A two-step model is also supported by the data of the current study. That is, both on forced and on free choice trials, we found clear evidence for partial responses, where participants first moved their head in one direction but then corrected to the other direction. On free choice trials, a partial response reflects a change of intention (Furstenberg et al., 2015), suggesting that the initial decision to follow a group can be overruled by slower top-down processes. In the current study, these top-down influences were likely driven by strategic processes induced by the task instructions. More specifically, the instruction to look roughly equally often in both directions likely caused participants to sometimes overturn a reflexive imitative response when imitation would cause them to look in a direction they had already looked in often or recently. Indeed, research has shown that humans often misconceive randomness, in the sense that they see repetitions as inconsistent with random behavior (Bar-Hillel and Wagenaar, 1991). In real life, changes of intention are more likely driven by interpretative processes (Cracco et al., 2015, 2016). That is, studies suggest that people tend to inhibit imitation of inappropriate behavior (Cracco et al., 2018b) and are influenced more by leaders (Capozzi et al., 2016) and previously reliable individuals (Capozzi et al., 2021), even to the extent that the influence of the majority group is sometimes overruled (Capozzi et al., 2021). More generally, a two-step model is consistent with recent evidence that gaze following is the manifestation of a complex interplay between basic attentional and advanced social processes (e.g., Capozzi and Ristic, 2021; Colombatto et al., 2020; Guterstam et al., 2019; Mayrand et al., 2021).

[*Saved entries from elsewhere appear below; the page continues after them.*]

(* Let $a,b,c\ge 0$ be integers with $\gcd(a,b,c)=1$ and let $M$ be the list of vectors of $\mathbb{F}_2^2$ consisting of $(1,0)$ with multiplicity $a$, $(0,1)$ with multiplicity $b$ and $(1,1)$ with multiplicity $c$, assumed to generate $\mathbb{F}_2^2$. Let $K=K(G(\mathbb{F}_2^2,M))$. Then $$\operatorname{Syl}_2 K\cong\begin{cases}\mathbb{Z}/2^{v_2(b+c)+1}\mathbb{Z} & a\text{ odd},\ b,c\text{ even},\\ \mathbb{Z}/2^{v_2(a+b)+1}\mathbb{Z} & a,b\text{ odd},\ c\text{ even},\\ \mathbb{Z}/2^{e}\mathbb{Z}\times\mathbb{Z}/2^{f}\mathbb{Z} & a,b,c\text{ odd},\end{cases}$$ where $f=\max(v_2(a+b),v_2(b+c),v_2(a+c))+1$ and $e=v_2(|K|)-f$.
   Context: For a finite list $M=(v_1,\dots,v_n)$ of nonzero vectors generating $\mathbb{F}_2^r$, the Cayley graph $G(\mathbb{F}_2^r,M)$ has vertex set $\mathbb{F}_2^r$ and Laplacian $L$ indexed by $\mathbb{F}_2^r$ with $L_{u,u}=n$ and $L_{u,w}=-\#\{i:u+v_i=w\}$ for $u\ne w$; $\operatorname{coker}L\cong\mathbb{Z}\oplus K(G)$ with $K(G)$ finite abelian (the sandpile group). $v_2$ denotes the $2$-adic valuation of a nonzero integer. *)

From HB Require Import structures.
From mathcomp Require Import all_boot all_order all_algebra all_fingroup all_solvable.
Set Implicit Arguments. Unset Strict Implicit. Unset Printing Implicit Defensive.
Import GRing.Theory.
Local Open Scope ring_scope.

Notation F2vec r := 'rV['F_2]_r.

Moving beyond imitative responses, we also found evidence for a more general influence of groups on behavior. Specifically, we found that increases in group size led to a decrease in reaction time, likely reflecting a social facilitation effect (Zajonc, 1965), whereby a large group of people making a sudden movement has an invigorating effect that primes the motor system for action. Interestingly, on forced choice trials, this decrease in reaction time as a function of group size was offset by a corresponding increase in movement time. This is consistent with the proposed two-step model, distinguishing between initial bottom-up processes, captured mainly by reaction times, and slower top-down processes, captured mainly by movement times. In particular, it suggests that motor inhibition is applied following fast responses to prevent premature and potentially erroneous decisions (Cracco and Brass, 2018b; Cracco and Cooper, 2019). Although speculative, such a mechanism might also explain why the same dissociation between reaction and movement times was not found on free choice trials. On free choice trials, no errors could be made, and hence there was no longer any need to inhibit fast responses. Importantly, however, this is a post-hoc explanation that cannot be directly supported by the data and will therefore have to be confirmed in future research.

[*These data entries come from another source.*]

(* Let $J=[a,b]$, $\gamma:J\to\mathbb{C}\setminus\Omega$ a $C^1$ path with $|\gamma'(\tau)|\le1$ for all $\tau\in J$, and $\eta:\mathbb{C}\to[0,\infty)$ a $1$-Lipschitz function with zero set $\Omega$. Let $D(\tau,\underline\zeta)=\eta(\dot\zeta_1)+\cdots+\eta(\dot\zeta_n)+\eta(\gamma(\tau)-S_n(\underline\zeta))$ and $X_i(\tau,\underline\zeta)=\frac{\eta(\dot\zeta_i)}{D(\tau,\underline\zeta)}\gamma'(\tau)$ for $i=1,\ldots,n$. Then for any $\tau\in J$ and $\underline\zeta,\underline\zeta'\in\mathcal S_\Omega^n$, \[ \sum_{i=1}^n|X_i(\tau,\underline\zeta')-X_i(\tau,\underline\zeta)|\le\frac{3}{D(\tau,\underline\zeta')}\sum_{i=1}^n|\dot\zeta'_i-\dot\zeta_i|. \]
   Context: $\Omega\subset\mathbb{C}$ closed, discrete, stable under addition, $0\in\Omega$ (so $D>0$ everywhere). $\mathcal S_\Omega$: Riemann surface of classes, modulo homotopy with fixed endpoints, of paths $\gamma:[0,1]\to\mathbb{C}$ with $\gamma\equiv0$ or ($\gamma(0)=0$, $\gamma((0,1])\subset\mathbb{C}\setminus\Omega$), with projection $\pi_\Omega([\gamma])=\gamma(1)$; $\dot\zeta=\pi_\Omega(\zeta)$; $S_n(\underline\zeta)=\dot\zeta_1+\cdots+\dot\zeta_n$ for $\underline\zeta=(\zeta_1,\ldots,\zeta_n)\in\mathcal S_\Omega^n$. *)

From Stdlib Require Import Reals.
From Coquelicot Require Import Coquelicot.
Open Scope R_scope.

Definition discrete_set (Om : C -> Prop) : Prop :=
  forall w, Om w -> exists eps : R, 0 < eps /\
    forall z, Om z -> Cmod (z - w) < eps -> z = w.

Definition good_Omega (Om : C -> Prop) : Prop :=
  closed Om /\ discrete_set Om /\
  (forall z w, Om z -> Om w -> Om (z + w)%C) /\ Om (RtoC 0).

(* A path p : [0,1] -> C (given as a function on R, only its values on
   [0,1] matter) is a representative of a point of S_Omega:
   p continuous on [0,1], and either p == 0 on [0,1],
   or p(0) = 0 and p((0,1]) avoids Omega. *)
Definition S_Omega_path (Om : C -> Prop) (p : R -> C) : Prop :=
  (forall t, 0 <= t <= 1 ->
     filterlim p (within (fun s => 0 <= s <= 1) (locally t)) (locally (p t))) /\
  ((forall t, 0 <= t <= 1 -> p t = RtoC 0) \/
   (p 0 = RtoC 0 /\ forall t, 0 < t <= 1 -> ~ Om (p t))).

Definition pi_Omega (p : R -> C) : C := p 1.

Definition C1_on (a b : R) (g g' : R -> C) : Prop :=
  (forall t, a <= t <= b ->
     filterlim (fun s => scal (/ (s - t)) (minus (g s) (g t)))
       (within (fun s => a <= s <= b /\ s <> t) (locally t)) (locally (g' t))) /\
  (forall t, a <= t <= b ->
     filterlim g' (within (fun s => a <= s <= b) (locally t)) (locally (g' t))).

Fixpoint rsum (n : nat) (f : nat -> R) : R :=
  match n with O => 0 | S m => rsum m f + f m end.
Fixpoint csum (n : nat) (f : nat -> C) : C :=
  match n with O => RtoC 0 | S m => (csum m f + f m)%C end.

(* S_n(zeta) = zeta_1' + ... + zeta_n' (dots = projections) *)
Definition S_n (n : nat) (zeta : nat -> R -> C) : C :=
  csum n (fun i => pi_Omega (zeta i)).

Definition D_fun (eta : C -> R) (g : R -> C) (n : nat) (tau : R)
  (zeta : nat -> R -> C) : R :=
  rsum n (fun i => eta (pi_Omega (zeta i))) + eta (g tau - S_n n zeta)%C.

Definition X_fun (eta : C -> R) (g g' : R -> C) (n : nat) (tau : R)
  (zeta : nat -> R -> C) (i : nat) : C :=
  (RtoC (eta (pi_Omega (zeta i)) / D_fun eta g n tau zeta) * g' tau)%C.

From Stdlib Require Import Reals Lra Lia.
From Coquelicot Require Import Coquelicot.
Open Scope R_scope.

(* Write d_i = eta(dot zeta_i), D = D(tau, zeta), and d'_i, D' likewise for
   zeta'.  As |gamma'| <= 1, |X'_i - X_i| <= |d'_i/D' - d_i/D|
   <= |d'_i - d_i|/D' + d_i |D - D'|/(D D'), and summing with sum d_i <= D
   gives (sum |d'_i - d_i| + |D - D'|)/D'.  Since eta is 1-Lipschitz, the
   first sum is at most E = sum |dot zeta'_i - dot zeta_i|, and |D - D'| <= 2E
   because the argument of eta(gamma - S_n) moves by at most E as well.
   D, D' > 0 because Omega is additively closed and gamma avoids Omega. *)

Lemma rsum_le n f h :
  (forall i, (i < n)%nat -> f i <= h i) -> rsum n f <= rsum n h.
Proof.
  induction n as [|n IH]; simpl; intros Hfh; [lra|].
  assert (f n <= h n) by (apply Hfh; lia).
  assert (rsum n f <= rsum n h) by (apply IH; intros; apply Hfh; lia).
  lra.
Qed.

Lemma rsum_ge0 n f : (forall i, (i < n)%nat -> 0 <= f i) -> 0 <= rsum n f.
Proof.
  intros Hf. replace 0 with (rsum n (fun _ => 0)).
  - apply rsum_le; exact Hf.
  - induction n as [|n IH]; simpl; [reflexivity|].
    rewrite IH; [lra|intros; apply Hf; lia].
Qed.

Lemma rsum_eq0_nonneg n f :
  (forall i, (i < n)%nat -> 0 <= f i) -> rsum n f = 0 ->
  forall i, (i < n)%nat -> f i = 0.
Proof.
  induction n as [|n IH]; simpl; intros Hf Hsum i Hi; [lia|].
  assert (0 <= f n) by (apply Hf; lia).
  assert (0 <= rsum n f) by (apply rsum_ge0; intros; apply Hf; lia).
  destruct (Nat.eq_dec i n) as [->|Hin]; [lra|].
  apply IH; [intros; apply Hf; lia | lra | lia].
Qed.

Lemma rsum_plus n f h : rsum n (fun i => f i + h i) = rsum n f + rsum n h.
Proof. induction n as [|n IH]; simpl; [lra|]. rewrite IH; lra. Qed.

Lemma rsum_scal n c f : rsum n (fun i => c * f i) = c * rsum n f.
Proof. induction n as [|n IH]; simpl; [lra|]. rewrite IH; lra. Qed.

Lemma rsum_minus n f h : rsum n (fun i => f i - h i) = rsum n f - rsum n h.
Proof. induction n as [|n IH]; simpl; [lra|]. rewrite IH; lra. Qed.

Lemma Rabs_rsum_le n f : Rabs (rsum n f) <= rsum n (fun i => Rabs (f i)).
Proof.
  induction n as [|n IH]; simpl; [rewrite Rabs_R0; lra|].
  eapply Rle_trans; [apply Rabs_triang | lra].
Qed.

Lemma csum_minus n f h : (csum n f - csum n h)%C = csum n (fun i => f i - h i)%C.
Proof. induction n as [|n IH]; simpl; [ring|]. rewrite <- IH. ring. Qed.

Lemma Cmod_csum_le n f : Cmod (csum n f) <= rsum n (fun i => Cmod (f i)).
Proof.
  induction n as [|n IH]; simpl; [rewrite Cmod_0; lra|].
  eapply Rle_trans; [apply Cmod_triangle | lra].
Qed.

Lemma csum_closed (P : C -> Prop) n f :
  P (RtoC 0) -> (forall z w, P z -> P w -> P (z + w)%C) ->
  (forall i, (i < n)%nat -> P (f i)) -> P (csum n f).
Proof.
  intros P0 Padd Pf. induction n as [|n IH]; simpl; [exact P0|].
  apply Padd; [apply IH; intros; apply Pf; lia | apply Pf; lia].
Qed.

Lemma Rabs_ratio_diff_le x x' D D' :
  0 < D -> 0 < D' -> 0 <= x ->
  Rabs (x' / D' - x / D) <= / D' * Rabs (x' - x) + Rabs (D - D') / (D * D') * x.
Proof.
  intros HD HD' Hx.
  replace (x' / D' - x / D) with (/ D' * (x' - x) + (D - D') / (D * D') * x)
    by (field; lra).
  eapply Rle_trans; [apply Rabs_triang|].
  rewrite !Rabs_mult, Rabs_div, Rabs_inv by nra.
  rewrite (Rabs_right D'), (Rabs_right (D * D')), (Rabs_right x) by nra.
  lra.
Qed.

Lemma rsum_ratio_diff_le n d d' D D' :
  0 < D -> 0 < D' -> (forall i, (i < n)%nat -> 0 <= d i) -> rsum n d <= D ->
  rsum n (fun i => Rabs (d' i / D' - d i / D))
  <= / D' * (rsum n (fun i => Rabs (d' i - d i)) + Rabs (D - D')).
Proof.
  intros HD HD' Hd HdD.
  eapply Rle_trans.
  { apply rsum_le. intros i Hi. apply Rabs_ratio_diff_le; auto. }
  rewrite rsum_plus, !rsum_scal.
  assert (Hsum : 0 <= rsum n d) by (apply rsum_ge0; exact Hd).
  assert (Hr : Rabs (D - D') / (D * D') * rsum n d <= / D' * Rabs (D - D')).
  { apply Rle_trans with (Rabs (D - D') / (D * D') * D).
    - apply Rmult_le_compat_l; [|exact HdD].
      apply Rdiv_le_0_compat; [apply Rabs_pos | nra].
    - right. field. lra. }
  lra.
Qed.

Section LipschitzWeight.

Variable eta : C -> R.
Hypothesis eta_lip : forall z w, Rabs (eta z - eta w) <= Cmod (z - w).

Lemma rsum_eta_dist_le n (zeta zeta' : nat -> R -> C) :
  rsum n (fun i => Rabs (eta (pi_Omega (zeta' i)) - eta (pi_Omega (zeta i))))
  <= rsum n (fun i => Cmod (pi_Omega (zeta' i) - pi_Omega (zeta i))).
Proof. apply rsum_le. intros i _. apply eta_lip. Qed.

Lemma S_n_dist_le n (zeta zeta' : nat -> R -> C) :
  Cmod (S_n n zeta' - S_n n zeta)
  <= rsum n (fun i => Cmod (pi_Omega (zeta' i) - pi_Omega (zeta i))).
Proof. unfold S_n. rewrite csum_minus. apply Cmod_csum_le. Qed.

Lemma D_fun_dist_le g n tau (zeta zeta' : nat -> R -> C) :
  Rabs (D_fun eta g n tau zeta - D_fun eta g n tau zeta')
  <= 2 * rsum n (fun i => Cmod (pi_Omega (zeta' i) - pi_Omega (zeta i))).
Proof.
  unfold D_fun.
  set (r := eta (g tau - S_n n zeta')%C - eta (g tau - S_n n zeta)%C).
  replace (_ - _) with
    (- (rsum n (fun i => eta (pi_Omega (zeta' i)) - eta (pi_Omega (zeta i))) + r))
    by (unfold r; rewrite rsum_minus; lra).
  rewrite Rabs_Ropp.
  assert (Hr : Rabs r <= Cmod (S_n n zeta' - S_n n zeta)).
  { unfold r. eapply Rle_trans; [apply eta_lip|].
    replace (g tau - S_n n zeta' - (g tau - S_n n zeta))%C
      with (- (S_n n zeta' - S_n n zeta))%C by ring.
    rewrite Cmod_opp. apply Rle_refl. }
  pose proof (Rabs_rsum_le n
    (fun i => eta (pi_Omega (zeta' i)) - eta (pi_Omega (zeta i)))).
  pose proof (rsum_eta_dist_le n zeta zeta').
  pose proof (S_n_dist_le n zeta zeta').
  pose proof (Rabs_triang
    (rsum n (fun i => eta (pi_Omega (zeta' i)) - eta (pi_Omega (zeta i)))) r).
  lra.
Qed.

End LipschitzWeight.

Lemma rsum_le_D_fun eta g n tau (zeta : nat -> R -> C) :
  (forall z, 0 <= eta z) ->
  rsum n (fun i => eta (pi_Omega (zeta i))) <= D_fun eta g n tau zeta.
Proof.
  intros eta_ge0. unfold D_fun.
  pose proof (eta_ge0 (g tau - S_n n zeta)%C). lra.
Qed.

Lemma D_fun_pos (Om : C -> Prop) eta g n tau (zeta : nat -> R -> C) :
  good_Omega Om -> ~ Om (g tau) ->
  (forall z, 0 <= eta z) -> (forall z, eta z = 0 <-> Om z) ->
  0 < D_fun eta g n tau zeta.
Proof.
  intros [_ [_ [Om_add Om0]]] Hg eta_ge0 eta_zero.
  pose proof (rsum_le_D_fun eta g n tau zeta eta_ge0) as Hsum.
  pose proof (rsum_ge0 n (fun i => eta (pi_Omega (zeta i))) (fun i _ => eta_ge0 _)).
  pose proof (eta_ge0 (g tau - S_n n zeta)%C).
  destruct (Rle_lt_dec (D_fun eta g n tau zeta) 0) as [HD|HD]; [exfalso|exact HD].
  unfold D_fun in HD.
  assert (HS : Om (S_n n zeta)).
  { unfold S_n. apply csum_closed; auto. intros i Hi. apply eta_zero.
    apply (rsum_eq0_nonneg n (fun i => eta (pi_Omega (zeta i))));
      auto; lra. }
  assert (Hrest : Om (g tau - S_n n zeta)%C) by (apply eta_zero; lra).
  apply Hg. replace (g tau) with ((g tau - S_n n zeta) + S_n n zeta)%C by ring.
  auto.
Qed.

Lemma Cmod_X_fun_sub_le eta g g' n tau (zeta zeta' : nat -> R -> C) i :
  Cmod (g' tau) <= 1 ->
  Cmod (X_fun eta g g' n tau zeta' i - X_fun eta g g' n tau zeta i)
  <= Rabs (eta (pi_Omega (zeta' i)) / D_fun eta g n tau zeta'
           - eta (pi_Omega (zeta i)) / D_fun eta g n tau zeta).
Proof.
  intros Hg'. unfold X_fun.
  set (q := eta (pi_Omega (zeta' i)) / D_fun eta g n tau zeta'
            - eta (pi_Omega (zeta i)) / D_fun eta g n tau zeta).
  replace (_ - _)%C with (RtoC q * g' tau)%C by (unfold q; rewrite RtoC_minus; ring).
  rewrite Cmod_mult, Cmod_R.
  pose proof (Rabs_pos q). nra.
Qed.

Theorem lemma3 (Om : C -> Prop) (a b : R) (g g' : R -> C) (eta : C -> R)
  (n : nat) (zeta zeta' : nat -> R -> C) (tau : R) :
  good_Omega Om ->
  C1_on a b g g' ->
  (forall t, a <= t <= b -> ~ Om (g t)) ->
  (forall t, a <= t <= b -> Cmod (g' t) <= 1) ->
  (forall z, 0 <= eta z) ->
  (forall z w, Rabs (eta z - eta w) <= Cmod (z - w)) ->
  (forall z, eta z = 0 <-> Om z) ->
  (forall i, (i < n)%nat -> S_Omega_path Om (zeta i)) ->
  (forall i, (i < n)%nat -> S_Omega_path Om (zeta' i)) ->
  a <= tau <= b ->
  rsum n (fun i => Cmod (X_fun eta g g' n tau zeta' i - X_fun eta g g' n tau zeta i))
  <= 3 / D_fun eta g n tau zeta'
     * rsum n (fun i => Cmod (pi_Omega (zeta' i) - pi_Omega (zeta i))).
Proof.
  intros HOm _ Hg Hg' eta_ge0 eta_lip eta_zero _ _ Htau.
  pose proof (D_fun_pos Om eta g n tau zeta HOm (Hg tau Htau) eta_ge0 eta_zero) as HD.
  pose proof (D_fun_pos Om eta g n tau zeta' HOm (Hg tau Htau) eta_ge0 eta_zero) as HD'.
  eapply Rle_trans.
  { apply rsum_le. intros i _. apply Cmod_X_fun_sub_le, Hg', Htau. }
  eapply Rle_trans.
  { apply rsum_ratio_diff_le; auto using rsum_le_D_fun. }
  pose proof (rsum_eta_dist_le eta eta_lip n zeta zeta').
  pose proof (D_fun_dist_le eta eta_lip g n tau zeta zeta').
  replace (3 / D_fun eta g n tau zeta') with (/ D_fun eta g n tau zeta' * 3)
    by (unfold Rdiv; ring).
  rewrite Rmult_assoc.
  apply Rmult_le_compat_l; [left; apply Rinv_0_lt_compat, HD' | lra].
Qed.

Finally, in exploratory analyses, we attempted to replicate evidence that the relationship between group size and gaze following is asymptotic (Capozzi et al., 2018; Gallup et al., 2012; Jorjafki et al., 2018; Milgram et al., 1969). Supporting this idea, group size had an asymptotic influence on reaction times and partial errors. However, it had a more linear influence on the other measures. Similarly, previous research also found asymptotic relationships for some but not all types of behavior. For example, Milgram et al. (1969) found that group size had an asymptotic influence on people looking up, but a linear influence on people stopping to look up. Gallup et al. (2012) further found that an asymptote might only be reached for larger groups with more than 10 members. This suggests that the curve of the relationship between group size and gaze following depends on the type of behavior being measured and on the social context. However, which factors exactly determine the curve is not yet clear.

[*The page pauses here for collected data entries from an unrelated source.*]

(** It is given by [n] and [k : 'I_n.+1 -> nat], [k i] = number of vertices of
  Delta_i (so dim Delta_i = k i - 1; Delta_i is empty iff k i = 0).
  The vertices of Delta are the ordinals of 'I_(nverts k), ordered as
  Delta_0's vertices, then Delta_1's, ..., then Delta_n's (join order);
  [block k i] is the vertex set of Delta_i. *)

Definition nverts (n : nat) (k : 'I_n.+1 -> nat) : nat := (\sum_(i < n.+1) k i)%N.

Definition offset (n : nat) (k : 'I_n.+1 -> nat) (i : 'I_n.+1) : nat :=
  (\sum_(j < n.+1 | (j < i)%N) k j)%N.

Definition block (n : nat) (k : 'I_n.+1 -> nat) (i : 'I_n.+1) : {set 'I_(nverts k)} :=
  [set x : 'I_(nverts k) | (offset k i <= x < offset k i + k i)%N].

(** Faces of Delta (nonempty sets of vertices): basis of N_*(Delta). *)
Definition face (n : nat) (k : 'I_n.+1 -> nat) : finType :=
  {F : {set 'I_(nverts k)} | F != set0}.

Definition pos (N : nat) (S : {set 'I_N}) (x : 'I_N) : nat :=
  #|[set y in S | (y < x)%N]|.

(** Coefficient of the face G in the boundary of the face F in N_*(Delta):
    d[x_0..x_p] = sum_t (-1)^t [x_0..^x_t..x_p]. *)
Definition face_bdry (n : nat) (k : 'I_n.+1 -> nat) (R : pzRingType)
    (F G : face k) : R :=
  \sum_(x in val F)
     (if val G == val F :\ x then (-1) ^+ pos (val F) x else 0).

(** Basis of  N~_*(Delta) = N_*(cDelta_0) (x) ... (x) N_*(cDelta_(n-1)) (x) N_*(Delta_n).
  A basis element (F_0,e_0) (x) ... (x) (F_(n-1),e_(n-1)) (x) F_n is encoded by the
  pair (F, e) where F = F_0 u ... u F_n (so F_i = F :&: block k i) and
  e = { i | e_i = 1 }.  Validity: F_i empty forces e_i = 1, and e_n = 0
  (hence F_n is nonempty). *)
Definition tvalid (n : nat) (k : 'I_n.+1 -> nat)
    (p : {set 'I_(nverts k)} * {set 'I_n.+1}) : bool :=
  [forall i : 'I_n.+1, (p.1 :&: block k i == set0) ==> (i \in p.2)]
  && (ord_max \notin p.2).

Definition tbasis (n : nat) (k : 'I_n.+1 -> nat) : finType :=
  {p : {set 'I_(nverts k)} * {set 'I_n.+1} | tvalid p}.

Definition tF (n : nat) (k : 'I_n.+1 -> nat) (a : tbasis k) := (val a).1.
Definition te (n : nat) (k : 'I_n.+1 -> nat) (a : tbasis k) := (val a).2.

(** dim F_i + e_i  (with dim emptyset = -1); nonnegative by validity. *)
Definition cdim (n : nat) (k : 'I_n.+1 -> nat) (a : tbasis k) (i : 'I_n.+1) : nat :=
  (#|tF a :&: block k i| + (i \in te a)).-1.

(** Koszul sign exponent: degree of the factors before the i-th one. *)
Definition prefix (n : nat) (k : 'I_n.+1 -> nat) (a : tbasis k) (i : 'I_n.+1) : nat :=
  (\sum_(j < n.+1 | (j < i)%N) cdim a j)%N.

(** Coefficient of b in the boundary of a in N~_*(Delta) (tensor product
  differential with Koszul signs; in the cone cF_i = F_i * [v] the cone
  vertex v is the last vertex):
  - removing a vertex x of F_i (i = block of x), sign (-1)^(prefix + pos of x in F_i);
  - removing the cone vertex of (F_i,1), giving (F_i,0), sign (-1)^(prefix + #|F_i|).
  Terms that would be the empty face are excluded since b ranges over valid
  basis elements. *)
Definition tbdry (n : nat) (k : 'I_n.+1 -> nat) (R : pzRingType)
    (a b : tbasis k) : R :=
  \sum_(i < n.+1) \sum_(x in tF a :&: block k i)
      (if (tF b == tF a :\ x) && (te b == te a)
       then (-1) ^+ (prefix a i + pos (tF a :&: block k i) x) else 0)
  + \sum_(i < n.+1)
      (if (i \in te a) && (tF b == tF a) && (te b == te a :\ i)
       then (-1) ^+ (prefix a i + #|tF a :&: block k i|) else 0).

(** mu_* : least l with e_l = 0, and the face F_0 * ... * F_l. *)
Definition lead (n : nat) (k : 'I_n.+1 -> nat) (a : tbasis k) : 'I_n.+1 :=
  [arg min_(j < ord_max | j \notin te a) (j : nat)].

To conclude, this study shows that the influence of groups on gaze following relies at least partly on reflexive, bottom-up processes. Specifically, it suggests that the drawing power of groups (Gallup et al., 2012; Jorjafki et al., 2018; Milgram et al., 1969) is best explained by a two-stage model in which reflexive processes first elicit an initial tendency to imitate, before strategic processes determine whether to act on this tendency. By showing how cognitive processes at the individual level determine behavior at the group level, these findings have important implications for understanding collective behavior in biology (e.g., Couzin, 2018; Sumpter, 2006), psychology (e.g., Raafat et al., 2009; Tump et al., 2020), and sociology (e.g., Hylander and Granström, 2010; Nassauer, 2019), and may advance our understanding of how societally relevant phenomena such as rioting or mass panic unfold (Krause et al., 2021).
Limitations of the study
Like all studies, the current study also has a number of limitations. First, the rating data showed that even though participants felt present in the virtual environment, they did not feel much immersed. Given that the degree to which the virtual environment resembles a real environment has previously been shown to influence social behavior (Durnez et al., 2020), an important task for future work will be to further improve the virtual scenarios. Second, the current study investigated only one type of social behavior: gaze following. By determining what we see, gaze following plays an important role in shaping what we do. Nevertheless, an important remaining question is whether a similar two-step model can also be applied to other types of social behavior such as conformity (Toelch and Dolan, 2015) or helping (Fischer et al., 2011).
STAR★Methods
Key resources table
| REAGENT or RESOURCE | SOURCE | IDENTIFIER |
|---|---|---|
| Deposited data | ||
| Behavioral data | This paper | Open Science Framework: https://doi.org/10.17605/OSF.IO/MNEUY |
| Behavioral data R code | This paper | Open Science Framework: https://doi.org/10.17605/OSF.IO/MNEUY |
| Software and algorithms | ||
| Unity v2019.4.11f1 | Unity Technologies | https://unity.com/ |
| R v4.1.2 | R Core Team | https://www.r-project.org/ |
Resource availability
Lead contact
Further information and requests should be directed to and will be fulfilled by the lead contact, Emiel Cracco (emiel.cracco@ugent.be).
Materials availability
This study did not generate new unique reagents.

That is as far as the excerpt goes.